■ Problem statement ■
Look below for the line that has "For 1 < delta". Set down the lines from there through the line that has "two points where", exactly as written.

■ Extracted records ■
··········

(* With tau = exp x, g(tau, s) = exp ((d^2 - d) x) (gamma (1 + k sin s) - F(x)) where
   F(x) = exp (p x) - exp (d x), so Z is where the level gamma (1 + k sin s), which sweeps
   the band [gamma (1 - k), gamma (1 + k)] as s goes round the circle, meets F.
   For 1 < delta < Phi we have p > 0 and F rises to its maximum M at a critical point
   and falls back to F(0) = 0; for delta > Phi we have p < 0 and F decreases. A slice has
   two points where F is inside the band, one point (at s = PI/2 or 3 PI/2) on its edges,
   none outside, and the edge crossings are folds. Over an interval where F is monotone and
   spans the band, Z is the graph of a continuous function over the whole circle; its
   discretised winding number is invariant under homotopy, so it is not contractible.
   When M lies inside the band, the levels below M are reached only over an arc of the
   circle and Z is one loop over that arc, which lifts to the strip and contracts. *)

Lemma unit_circle_param (y z : R) : y ^ 2 + z ^ 2 = 1 ->
  exists s, 0 <= s < 2 * PI /\ y = cos s /\ z = sin s.
Proof.
  intros Hyz. pose proof PI_RGT_0.
  assert (Hy : -1 <= y <= 1) by (split; nra).
  pose proof (acos_bound y). pose proof (cos_acos y Hy) as Hc. pose proof (sin_acos y Hy) as Hs.
  assert (Hz : z ^ 2 = sqrt (1 - y²) ^ 2).
  { assert (0 <= 1 - y²) by (unfold Rsqr; nra).
    pose proof (sqrt_sqrt _ H1). unfold Rsqr in *. nra. }
  pose proof (sqrt_pos (1 - y²)).
  destruct (Rle_dec 0 z).
  - exists (acos y). split; [lra|]. split; [lra|]. rewrite Hs. nra.
  - exists (2 * PI - acos y).
    assert (acos y <> 0) by (intro E; rewrite E, sin_0 in Hs; rewrite <- Hs in Hz; nra).
    split; [lra|]. split.
    + rewrite cos_minus, cos_2PI, sin_2PI. lra.
    + rewrite sin_minus, cos_2PI, sin_2PI, Hs. nra.
Qed.

Lemma cos_sin_inj_lt_2PI (a b : R) : cos a = cos b -> sin a = sin b ->
  Rabs (a - b) < 2 * PI -> a = b.
Proof.
  intros Hc Hs Hab. pose proof PI_RGT_0.
  assert (Hsin : sin (a - b) = 0) by (rewrite sin_minus, Hc, Hs; ring).
  assert (Hcos : cos (a - b) = 1)
    by (rewrite cos_minus, Hc, Hs; pose proof (sin2_cos2 b); unfold Rsqr in *; lra).
  destruct (sin_eq_0_0 _ Hsin) as [n Hn].
  assert (Hn2 : (-2 < n < 2)%Z)
    by (split; apply lt_IZR; apply Rabs_def2 in Hab; destruct Hab; nra).
  assert (n = 0 \/ n = 1 \/ n = -1)%Z as [E|[E|E]] by lia; subst n; simpl in Hn.
  - lra.
  - rewrite Hn, Rmult_1_l, cos_PI in Hcos. lra.
  - rewrite Hn in Hcos. replace (-1 * PI) with (- PI) in Hcos by ring.
    rewrite cos_neg, cos_PI in Hcos. lra.
Qed.
Theorem lemma2 (N nI : nat) (beta : R)
  (u : nat -> nat -> R -> R) (omega : nat -> nat -> R)
  (xi : nat -> (nat -> R) -> (nat -> R))
  (pbar : nat -> R) (xbar : nat -> nat -> R) :
  0 < beta < 1 ->
  (forall i n, (i < nI)%nat -> (n <= N)%nat -> 0 <= omega i n) ->
  (forall i n, (i < nI)%nat -> (n <= N)%nat -> good_period_utility (u i n)) ->
  (forall i, (i < nI)%nat -> is_demand N beta (u i) (omega i) (xi i)) ->
  competitive_equilibrium N nI omega xi pbar xbar ->
  forall i m n, (i < nI)%nat -> (1 <= m <= N)%nat -> (1 <= n <= N)%nat ->
    let r := fun k => rr (u i k) (xbar i k) in
    let ri := r 0%nat + sum1N N (fun k => pbar k * r k) in
    is_derive (fun t => xi i (upd_price pbar m t) n) (pbar m)
      ((r m * r n / ri - (if Nat.eqb m n then r n / pbar n else 0))
       + r n / ri * (omega i m - xbar i m)).
Proof.
  intros Hbeta _ Hu Hxi [Hpbar [Hxbar _]] i m n Hi Hm Hn.
  apply (is_derive_demand N beta (u i) (omega i) (xi i)); try assumption.
  - lra.
  - intros k Hk. now apply Hu.
  - now apply Hxi.
  - intros k Hk. symmetry. now apply Hxbar.
Qed.
Lemma Cpow_remainder_le (w z : C) (r : R) (n : nat) :
  Cmod w <= r -> Cmod z <= r ->
  r * Cmod (w ^ S n - z ^ S n - INR (S n) * (w - z) * z ^ n)
    <= (INR n + 1) ^ 2 * Cmod (w - z) ^ 2 * r ^ n.
Proof.
  intros Hw Hz. set (D := Cmod (w - z)).
  assert (HD : 0 <= D) by apply Cmod_ge_0.
  assert (Hz0 : 0 <= Cmod z) by apply Cmod_ge_0.
  induction n as [|n IH].
  - replace (w ^ 1 - z ^ 1 - INR 1 * (w - z) * z ^ 0)%C with (RtoC 0) by (simpl; ring).
    rewrite Cmod_0. simpl. nra.
  - set (E := (w ^ S n - z ^ S n - INR (S n) * (w - z) * z ^ n)%C) in IH.
    replace (w ^ S (S n) - z ^ S (S n) - INR (S (S n)) * (w - z) * z ^ S n)%C
      with (w * E + INR (S n) * (w - z) ^ 2 * z ^ n)%C
      by (unfold E; rewrite (S_INR (S n)), RtoC_plus; simpl; ring).
    pose proof (Cmod_triangle (w * E) (INR (S n) * (w - z) ^ 2 * z ^ n)) as Htri.
    rewrite !Cmod_mult, !Cmod_pow, Cmod_R, Rabs_pos_eq in Htri by apply pos_INR.
    fold D in Htri. rewrite S_INR in *.
    pose proof (pos_INR n). pose proof (Cmod_ge_0 E).
    assert (Hzn : Cmod z ^ n <= r ^ n) by (apply pow_incr; lra).
    assert (Hrn : 0 <= r ^ n) by (apply pow_le; lra).
    assert (HwE : r * (Cmod w * Cmod E) <= r * ((INR n + 1) ^ 2 * D ^ 2 * r ^ n)).
    { apply Rmult_le_compat_l; [lra |]. apply Rle_trans with (r * Cmod E); [| exact IH].
      apply Rmult_le_compat_r; lra. }
    assert (Hzr : (INR n + 1) * D ^ 2 * Cmod z ^ n <= (INR n + 1) * D ^ 2 * r ^ n)
      by (apply Rmult_le_compat_l; [apply Rmult_le_pos; [| apply pow_le]|]; lra).
    assert (Hsq : 0 <= D ^ 2 * r ^ n * r)
      by (apply Rmult_le_pos; [apply Rmult_le_pos; [apply pow_le |] |]; lra).
    simpl pow. simpl pow in HwE, Hzr, Hsq, Htri. nra.
Qed.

··········

■ Solution to the exercise ■
   For 1 < delta < Phi we have p > 0 and F rises to its maximum M at a critical point
   and falls back to F(0) = 0; for delta > Phi we have p < 0 and F decreases. A slice has
   two points where F is inside the band, one point (at s = PI/2 or 3 PI/2) on its edges,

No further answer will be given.